While the appearance of the wise men usually comes after the birth of Christ, it’s their mad quest, born of an impossible dream, that I’d like to think about this morning. A closer examination reveals characters who may have been closer to Quixote than not, closer to folly than what usually passes for wisdom. To follow that star, no matter how hopeless, no matter how far – are those not words that could just as easily describe the mad journey of the wise men, guided by a star toward the Bethlehem event? They’re deemed “wise” in Matthew’s text, the only Gospel in which they appear, and generations of Christmas hymnody and pageantry and iconography have given the impression of three sage men, who alone discerned the stars correctly. You’ll notice on our communion table two sets of statues – on one side we have Quixote and Sancho Panza, and on the other we have the wise men, stories that I’ll be running together this morning. Quixote has been on my mind, and so it’s no surprise that when we entered the season of Advent, and as I began to think about the characters surrounding the Christmas story, the wise men took on shades of folly akin to Quixote that I haven’t been able to shake.

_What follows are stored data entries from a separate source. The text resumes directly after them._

Lemma setc_false_preceq_true x i : preceq (setc x i false) (setc x i true).
Proof. by apply/preceqP => k; rewrite !setcE; case: eqP. Qed.

Lemma preceq_setc_coord x y i : preceq x y -> preceq x (setc x i (y i)).
Proof.
by move/preceqP => xy; apply/preceqP => k; rewrite setcE; case: eqP => [->|//]; apply: xy.
Qed.

Lemma setc_coord_preceq x y i : preceq y x -> preceq (setc x i (y i)) x.
Proof.
by move/preceqP => yx; apply/preceqP => k; rewrite setcE; case: eqP => [->|//]; apply: yx.
Qed.

Lemma restrict_setc f i b x c : restrict f i b (setc x i c) = restrict f i b x.
Proof. by rewrite /restrict setc_setc. Qed.

Lemma positive_restrict f i b : positive f -> positive (restrict f i b).
Proof. by move=> fp x y fx /(preceq_setc i b); apply: fp. Qed.

Lemma minimal_one_restrict_coord f i b p :
  minimal_one (restrict f i b) p -> p i = false.
Proof.
case/minimal_oneP => gp min.
have <- := min _ (setc_false_preceq p i); first exact: setc_at.
by rewrite restrict_setc.
Qed.

Lemma maximal_zero_restrict_coord f i b p :
  maximal_zero (restrict f i b) p -> p i = true.
Proof.
case/maximal_zeroP => gp max.
have <- := max _ (preceq_setc_true p i); first exact: setc_at.
by rewrite restrict_setc.
Qed.

Definition relevantb f i := [exists x, f (setc x i false) != f (setc x i true)].

Lemma relevantP f i : reflect (relevant f i) (relevantb f i).
Proof. by apply: (iffP existsP) => -[x /eqP]; exists x. Qed.
(* Fix $C\in\mathbb C$ and let $f(x)=C/(x-1)^2\in\mathbb C[[x]]$. Let $b(\lambda,x)=\sum_{k\ge-1}b_k(x)\lambda^{-k-1}$, $b_{-1}=1$, $b_k\in\mathbb C[[x]]$, be the unique such series satisfying $b\,b_{xx}-\frac12b_x^2-2(\lambda-2f)b^2=-2\lambda$, and let $$R(\lambda,x)=\begin{pmatrix}\frac12b_x&b\\(\lambda-2f)b-\frac12b_{xx}&-\frac12b_x\end{pmatrix}.$$ Then $b(\lambda,x)$ depends only on $\zeta:=\lambda(x-1)^2$, namely $b=G_{1/2}(\zeta)$, and $$R=\begin{pmatrix}-\frac{C\lambda^{1/2}}{\zeta^{3/2}}G_{3/2}(\zeta)&G_{1/2}(\zeta)\\\frac{\lambda}{\zeta}\Bigl((\zeta-2C)G_{1/2}(\zeta)-\frac{3C}{\zeta}G_{3/2}(\zeta)-\frac{6C(C+1)}{\zeta^2}G_{5/2}(\zeta)\Bigr)&\frac{C\lambda^{1/2}}{\zeta^{3/2}}G_{3/2}(\zeta)\end{pmatrix},$$ where $\zeta^{3/2}:=\lambda^{3/2}(x-1)^3$, $\Delta:=1-8C$, and $$G_\alpha(\zeta):={}_3F_0\Bigl(\alpha,\alpha+\tfrac{\sqrt\Delta}2,\alpha-\tfrac{\sqrt\Delta}2;;\tfrac1\zeta\Bigr)=\sum_{k\ge0}\frac{(\alpha)_k(\alpha+\frac{\sqrt\Delta}2)_k(\alpha-\frac{\sqrt\Delta}2)_k}{k!}\zeta^{-k}.$$
   Context: $(a)_k=a(a+1)\cdots(a+k-1)$ is the rising Pochhammer symbol; $G_\alpha$ is a formal series in $\zeta^{-1}$ whose coefficients are polynomials in $\Delta$ (hence in $C$). The matrix $R(\lambda,x)$ is the basic matrix resolvent of the KdV solution with initial data $f$, evaluated at $t_{>0}=0$. *)

(* All objects are formal series over an algebraically closed
   numeric field K (K = C is the case of the paper; the statement is proved for
   every numClosedFieldType, which includes the complex numbers). *)
From mathcomp Require Import all_boot all_order all_algebra.
Set Implicit Arguments. Unset Strict Implicit. Unset Printing Implicit Defensive.
Import Order.TTheory GRing.Theory Num.Theory.
Local Open Scope ring_scope.

Section Defs.
Variable K : numClosedFieldType.

Definition fps := nat -> K.
Definition fconst (c : K) : fps := fun n => if n == 0%N then c else 0.
Definition fone : fps := fconst 1.
Definition fzero : fps := fun _ => 0.
Definition fadd (a b : fps) : fps := fun n => a n + b n.
Definition fopp (a : fps) : fps := fun n => - a n.
Definition fscale (c : K) (a : fps) : fps := fun n => c * a n.
Definition fmul (a b : fps) : fps :=
  fun n => \sum_(i < n.+1) a i * b (n - i)%N.
Definition fpow (a : fps) (k : nat) : fps := iter k (fmul a) fone.
Definition fderiv (a : fps) : fps := fun n => a n.+1 *+ n.+1.
Definition xm1 : fps := fun n => if n == 0%N then -1 else if n == 1%N then 1 else 0.
(* the series 1/(x-1) = - \sum_n x^n in K[[x]] *)
Definition xm1inv : fps := fun _ => -1.
Definition fdata (C : K) : fps := fscale C (fpow xm1inv 2).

#Horror sound effects free#
Three times he breaks free and ventures into the countryside on adventures, dreaming his impossible dreams, following his unreachable star. Comic misunderstandings abound, and Don Quixote’s family and friends conspire to trap him and bring him back home, a place that, for the Don, bears all the features of a prison. Alonso Quixano is an aging landowner in early 17 th century Spain, and he reads so many novels that he loses his sanity, thereafter assuming the name of Don Quixote of La Mancha and riding into the countryside on his emaciated horse Rocinante, along with his faithful squire Sancho Panza, in order to renew the tradition of courtly love and honor and to set to right the injustices of the age. You likely know the story, or at least a version of it. It’s a novel about the wisdom of folly, and the folly of the so-called wise. The musical is very loosely based on the great novel by Cervantes, which I spent much of the summer and fall reading.

“This is my quest to follow that star no matter how hopeless no matter how far.” Those are the words that Don Quixote sings in the musical Man of La Mancha, words that I’m grateful we were able to hear from Brian Cheney and Simon.